* [RECORDS FOR PROCESSING]:
(* Let $V=W\times D$ be a direct product of finite-dimensional real vector spaces, let $\theta$ be the pullback to $V$ of a volume form in $W$ and $\zeta$ the pullback to $V$ of an indivisible exterior form in $D$. Then the divisibility space of the exterior $p$-form $\mu=\theta\wedge\zeta$ is $\{0\}\times D$.
   Context: A volume form in a vector space is a nonzero form of top degree (a nonzero scalar if the dimension is $0$). The divisibility space of an exterior form $\mu$ in $V$ is the common kernel of all $1$-forms $\xi\in V^*$ with $\xi\wedge\mu=0$ (for a nonzero $0$-form it is $V$). An exterior form in $D$ is indivisible if its divisibility space is all of $D$, i.e. $\xi\wedge\zeta\neq0$ for all nonzero $\xi\in D^*$. *)

From HB Require Import structures.
From mathcomp Require Import all_boot all_order all_algebra.
From mathcomp Require Import perm.
Set Implicit Arguments. Unset Strict Implicit. Unset Printing Implicit Defensive.
Import GRing.Theory.
Local Open Scope ring_scope.

(* An exterior k-form on V is represented by its action on k-tuples of
   vectors: a multilinear alternating map ('I_k -> V) -> R. *)
Definition xform (R : Type) (V : Type) (k : nat) := ('I_k -> V) -> R.

Definition upd (V : Type) (k : nat) (x : 'I_k -> V) (i : 'I_k) (v : V) : 'I_k -> V :=
  fun j => if j == i then v else x j.

Definition multilinear (R : nzRingType) (V : lmodType R) (k : nat) (f : xform R V k) :=
  forall (x : 'I_k -> V) (i : 'I_k) (a : R) (u w : V),
    f (upd x i (a *: u + w)) = a * f (upd x i u) + f (upd x i w).

Definition alternating (R : nzRingType) (V : Type) (k : nat) (f : xform R V k) :=
  forall (x : 'I_k -> V) (i j : 'I_k), i != j -> x i = x j -> f x = 0.

Definition is_form (R : nzRingType) (V : lmodType R) (k : nat) (f : xform R V k) :=
  multilinear f /\ alternating f.

Definition form_zero (R : nzRingType) (V : Type) (k : nat) (f : xform R V k) :=
  forall x, f x = 0.

(* wedge product (alternation convention with 1/(p! q!)) *)
Definition wedge (R : fieldType) (V : Type) (p q : nat)
    (a : xform R V p) (b : xform R V q) : xform R V (p + q) :=
  fun x => ((p`!)%:R)^-1 * ((q`!)%:R)^-1 *
    \sum_(s : 'S_(p + q))
      (-1) ^+ (odd_perm s) * a (fun i => x (s (lshift q i)))
                             * b (fun j => x (s (rshift p j))).

Definition pullback (R : Type) (A B : Type) (k : nat) (f : A -> B) (a : xform R B k)
  : xform R A k := fun x => a (fun i => f (x i)).

Definition eval1 (R : Type) (V : Type) (xi : xform R V 1) (v : V) : R :=
  xi (fun _ => v).

Definition divspace (R : fieldType) (V : lmodType R) (k : nat) (mu : xform R V k)
  : V -> Prop :=
  fun v => forall xi : xform R V 1, is_form xi -> form_zero (wedge xi mu) ->
             eval1 xi v = 0.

* [REQUIRED WORK]: Output all of the data in full, exactly as given.

* [TASK RESULT]:
(* Let $V=W\times D$ be a direct product of finite-dimensional real vector spaces, let $\theta$ be the pullback to $V$ of a volume form in $W$ and $\zeta$ the pullback to $V$ of an indivisible exterior form in $D$. Then the divisibility space of the exterior $p$-form $\mu=\theta\wedge\zeta$ is $\{0\}\times D$.
   Context: A volume form in a vector space is a nonzero form of top degree (a nonzero scalar if the dimension is $0$). The divisibility space of an exterior form $\mu$ in $V$ is the common kernel of all $1$-forms $\xi\in V^*$ with $\xi\wedge\mu=0$ (for a nonzero $0$-form it is $V$). An exterior form in $D$ is indivisible if its divisibility space is all of $D$, i.e. $\xi\wedge\zeta\neq0$ for all nonzero $\xi\in D^*$. *)

From HB Require Import structures.
From mathcomp Require Import all_boot all_order all_algebra.
From mathcomp Require Import perm.
Set Implicit Arguments. Unset Strict Implicit. Unset Printing Implicit Defensive.
Import GRing.Theory.
Local Open Scope ring_scope.

(* An exterior k-form on V is represented by its action on k-tuples of
   vectors: a multilinear alternating map ('I_k -> V) -> R. *)
Definition xform (R : Type) (V : Type) (k : nat) := ('I_k -> V) -> R.

Definition upd (V : Type) (k : nat) (x : 'I_k -> V) (i : 'I_k) (v : V) : 'I_k -> V :=
  fun j => if j == i then v else x j.

Definition multilinear (R : nzRingType) (V : lmodType R) (k : nat) (f : xform R V k) :=
  forall (x : 'I_k -> V) (i : 'I_k) (a : R) (u w : V),
    f (upd x i (a *: u + w)) = a * f (upd x i u) + f (upd x i w).

Definition alternating (R : nzRingType) (V : Type) (k : nat) (f : xform R V k) :=
  forall (x : 'I_k -> V) (i j : 'I_k), i != j -> x i = x j -> f x = 0.

Definition is_form (R : nzRingType) (V : lmodType R) (k : nat) (f : xform R V k) :=
  multilinear f /\ alternating f.

Definition form_zero (R : nzRingType) (V : Type) (k : nat) (f : xform R V k) :=
  forall x, f x = 0.

(* wedge product (alternation convention with 1/(p! q!)) *)
Definition wedge (R : fieldType) (V : Type) (p q : nat)
    (a : xform R V p) (b : xform R V q) : xform R V (p + q) :=
  fun x => ((p`!)%:R)^-1 * ((q`!)%:R)^-1 *
    \sum_(s : 'S_(p + q))
      (-1) ^+ (odd_perm s) * a (fun i => x (s (lshift q i)))
                             * b (fun j => x (s (rshift p j))).

Definition pullback (R : Type) (A B : Type) (k : nat) (f : A -> B) (a : xform R B k)
  : xform R A k := fun x => a (fun i => f (x i)).

Definition eval1 (R : Type) (V : Type) (xi : xform R V 1) (v : V) : R :=
  xi (fun _ => v).

Definition divspace (R : fieldType) (V : lmodType R) (k : nat) (mu : xform R V k)
  : V -> Prop :=
  fun v => forall xi : xform R V 1, is_form xi -> form_zero (wedge xi mu) ->
             eval1 xi v = 0.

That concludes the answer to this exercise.